João Vieira Lopes disse mesmo que o desemprego “é inevitável” se “o nível de retoma não subir”. Ao Presidente da República, a confederação que representa o comércio manifestou a necessidade de um “choque de consumo”, para estimular os portugueses a consumirem mais. “Preocupa-nos que não esteja nada a ser feito nesse sentido, como na Alemanha e noutros países, onde há desde baixas de IVA a incentivos ao consumo”. O líder da CCP sugeriu também uma redução das retenções na fonte dos salários para aumentar a liquidez das famílias.

João Vieira Lopes criticou ainda o plano estratégico de António Costa Silva por ser “omisso em relação ao turismo, comércio e serviços”. “Temos de encontrar soluções para manter a economia a funcionar, evitar a desagregação do maior número de empresas até poderem ser aplicados fundos” europeus, que a CCP não acreditem que cheguem à economia “antes do segundo semestre do próximo ano”.

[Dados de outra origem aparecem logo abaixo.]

Lemma mvec_rconj_fixed T q :
  mvec (rconj R0 T) q = q <-> mvec T (mvec R0 q) = mvec R0 q.
Proof.
  pose proof (proj1 (orthE R0) (proj1 HR)) as HR'.
  rewrite mvec_mmul, <- mmul_rconj, <- mvec_mmul. split; intro H.
  - now rewrite H.
  - rewrite <- (mvec_Id3 q) at 2. rewrite <- HR', <- mvec_mmul, <- H, !mvec_mmul.
    rewrite HR', mmul_1l. reflexivity.
Qed.

Lemma sub_conj_moments_fixed I G f T : haar I -> contSO3 f -> G J3m ->
  sub_conj G (Jf G f) R0 -> G T ->
  conjR T (conjR R0 (Q1 I f)) = conjR R0 (Q1 I f) /\
  conjR T (conjR R0 (Q2 I f)) = conjR R0 (Q2 I f) /\
  mvec T (mvec R0 (pmom I f)) = mvec R0 (pmom I f).
Proof.
  intros HI Hf HJ3 Hs HT.
  destruct (moments_fixed_of_Jf I G f (rconj R0 T) HI Hf HJ3 (Hs T HT)) as [E1 [E2 E3]].
  rewrite <- !conjR_rconj_fixed, <- mvec_rconj_fixed. auto.
Qed.

Lemma sub_conj_of_Wcols_invariant I G c1 c2 c3 c4 f : haar I ->
  critical I (ker_C2v c1 c2 c3 c4) f -> G Id3 -> (forall T, G T -> orth T) ->
  (forall T J P, G T -> G J -> SO3 P ->
     let X := mmul (mmul (rconj R0 T) P) J in
     Wcols c1 c2 c3 c4 (pmom I f) (Q1 I f) (Q2 I f) (col X i1) (col X i2) =
     Wcols c1 c2 c3 c4 (pmom I f) (Q1 I f) (Q2 I f) (col P i1) (col P i2)) ->
  sub_conj G (Jf G f) R0.
Proof.
  intros HI Hc HId Horth HW T HT.
  assert (HS : orth (rconj R0 T)) by now apply orth_rconj, Horth.
  split; [exact HS | split].
  - intros DS P HP. rewrite <- (mmul_1r (mmul _ P)).
    apply (critical_eq_of_Wcols I c1 c2 c3 c4 f P _ HI Hc HP); [|now apply HW].
    rewrite mmul_1r. apply SO3_mmul; [split|]; assumption.
  - intros DS P J HP HJ DJ.
    apply (critical_eq_of_Wcols I c1 c2 c3 c4 f P _ HI Hc HP); [|now apply HW].
    split.
    + apply orth_mmul; [apply orth_mmul|]; [exact HS | apply HP | apply Horth, HJ].
    + rewrite det_mmul, det_mmul, DS, DJ, (proj2 HP). ring.
Qed.

Lemma conjR_tr_rconj_fixed T Q : orth T ->
  conjR T (conjR R0 Q) = conjR R0 Q -> conjR (tr (rconj R0 T)) Q = Q.
Proof.
  intros HT HQ. apply conjR_tr_fixed; [now apply orth_rconj|]. now apply conjR_rconj_fixed.
Qed.

Lemma mvec_tr_rconj_fixed T q : orth T ->
  mvec T (mvec R0 q) = mvec R0 q -> mvec (tr (rconj R0 T)) q = q.
Proof.
  intros HT Hq. apply mvec_tr_fixed; [now apply orth_rconj|]. now apply mvec_rconj_fixed.
Qed.

End Frame.

Definition vec3 (a b c : R) : V3 := fun i => match i with i1 => a | i2 => b | i3 => c end.
Definition dg (d : V3) : M3 := fun i j => delta i j * d i.

Lemma orth_dg d : (forall i, d i * d i = 1) -> orth (dg d).
Proof.
  intros Hd i j. pose proof (Hd i1); pose proof (Hd i2); pose proof (Hd i3).
  destruct i, j; unfold dg, mmul, tr, sum3, delta; simpl; lra.
Qed.

Lemma signed_axis_dg d a : signed_axis (dg d) a (d a).
Proof. intro k. unfold dg. destruct k, a; simpl; ring. Qed.

Lemma signed_axis_mmul A B a e e' :
  signed_axis A a e -> signed_axis B a e' -> signed_axis (mmul A B) a (e * e').
Proof.
  intros HA HB k. change (col (mmul A B) a k = e * e' * delta k a).
  rewrite (col_mmul_signed_axis A B a e' HB). unfold vscal, col. rewrite HA. ring.
Qed.

Lemma conjR_dg d A i j : conjR (dg d) A i j = d i * d j * A i j.
Proof. destruct i, j; unfold conjR, dg, mmul, tr, sum3, delta; simpl; ring. Qed.

Lemma conjR_dg_diagonal d A : (forall i, d i * d i = 1) -> diagonal A -> conjR (dg d) A = A.
Proof.
  intros Hd HA. extensionality i; extensionality j. rewrite conjR_dg.
  destruct i, j; try (rewrite Hd; ring); rewrite HA by discriminate; ring.
Qed.

Lemma conjR_dg_fixed_offdiag d A i j :
  conjR (dg d) A = A -> d i * d j = -1 -> A i j = 0.
Proof.
  intros HA Hd. pose proof (f_equal (fun M => M i j) HA) as E.
  cbv beta in E. rewrite conjR_dg, Hd in E. lra.
Qed.

Lemma mvec_dg d q k : mvec (dg d) q k = d k * q k.
Proof. destruct k; unfold mvec, dg, sum3, delta; simpl; ring. Qed.

Lemma mvec_signed_axis_e1 T q : signed_axis T i1 1 -> q i2 = 0 -> q i3 = 0 -> mvec T q = q.
Proof.
  intros HT H2 H3. extensionality k. unfold mvec, sum3. rewrite HT, H2, H3.
  destruct k; simpl; rewrite ?H2, ?H3; ring.
Qed.

Lemma diagonal_dg A : diagonal A -> A = dg (vec3 (A i1 i1) (A i2 i2) (A i3 i3)).
Proof.
  intro HA. extensionality i; extensionality j.
  destruct i, j; unfold dg, delta; simpl; try ring; rewrite HA by discriminate; ring.
Qed.

Lemma R1m_dg : R1m = dg (vec3 1 (-1) (-1)).
Proof.
  extensionality i; extensionality j; destruct i, j; unfold R1m, mk3, dg, delta; simpl; ring.
Qed.

Lemma J3m_dg : J3m = dg (vec3 1 1 (-1)).
Proof.
  extensionality i; extensionality j; destruct i, j; unfold J3m, mk3, dg, delta; simpl; ring.
Qed.

Lemma diagonal_of_R1m_J3m_fixed A :
  conjR R1m A = A -> conjR J3m A = A -> (forall i j, A i j = A j i) -> diagonal A.
Proof.
  rewrite R1m_dg, J3m_dg. intros H1 H3 HA.
  assert (A12 : A i1 i2 = 0) by (apply (conjR_dg_fixed_offdiag _ _ _ _ H1); simpl; ring).
  assert (A13 : A i1 i3 = 0) by (apply (conjR_dg_fixed_offdiag _ _ _ _ H1); simpl; ring).
  assert (A23 : A i2 i3 = 0) by (apply (conjR_dg_fixed_offdiag _ _ _ _ H3); simpl; ring).
  intros i j Hij. destruct i, j; try (exfalso; apply Hij; reflexivity);
    rewrite ?(HA i2 i1), ?(HA i3 i1), ?(HA i3 i2); assumption.
Qed.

Turismo defende que o Governo não fez o suficiente para garantir turistas britânicos

Na representação do turismo, o setor “mais prejudicado pela pandemia”, António Calheiros, presidente da Confederação do Turismo (CTP), defende que é “fundamental que Portugal volte a ganhar a imagem de segurança que sempre teve”, mesmo que isso já não salve este verão, que está “perdido”.

O turismo interno, acrescenta, não está a compensar as perdas de 70% das dormidas de estrangeiros. “Em tempos normais o turismo interno são 30% das nossas dormidas. Há uma crise, muitas pessoas em layoff, 30% dos rendimentos perdidos, [as pessoas] não terão a mesma disponibilidade para gozar as suas férias. De maneira nenhuma podem colmatar a baixa de 70% de dormidas dos estrangeiros”, disse.

Francisco Calheiros pediu que o Governo faça o que for “humanamente possível” para mudar a imagem que o Reino Unido tem de Portugal, dado que o mercado britânico concentra 30% das dormidas no Algarve. “Nunca fomos fortes na diplomacia económica. Custa-nos um bocado perceber que não se tenha feito mais, nomeadamente nos corredores turísticos britânicos no que diz respeito às duas regiões para onde os britânicos mais gostam de se deslocar: a Madeira e o Algarve”, que, considera, estão numa situação positiva em termos de números de novos casos.

Questionado sobre se responsabiliza o ministro dos Negócios Estrangeiros, Augusto Santos Silva, de ter passado uma imagem errada da situação pandémica no país, o representante dos patrões do turismo diz que “não há para razão que os mercados britânicos não possam ter corredores diretos para o Algarve e Madeira. Há-de haver responsabilidades com certeza. (…) Temos de ter cuidado com as declarações que fazemos. Eles é que são os clientes. Não é dizendo que eles estão piores”.

A CTP criticou ainda que o layoff simplificado não tenha sido prolongado para todas as empresas. “Era da mais elementar justiça que o layoff simplificado se tivesse mantido.”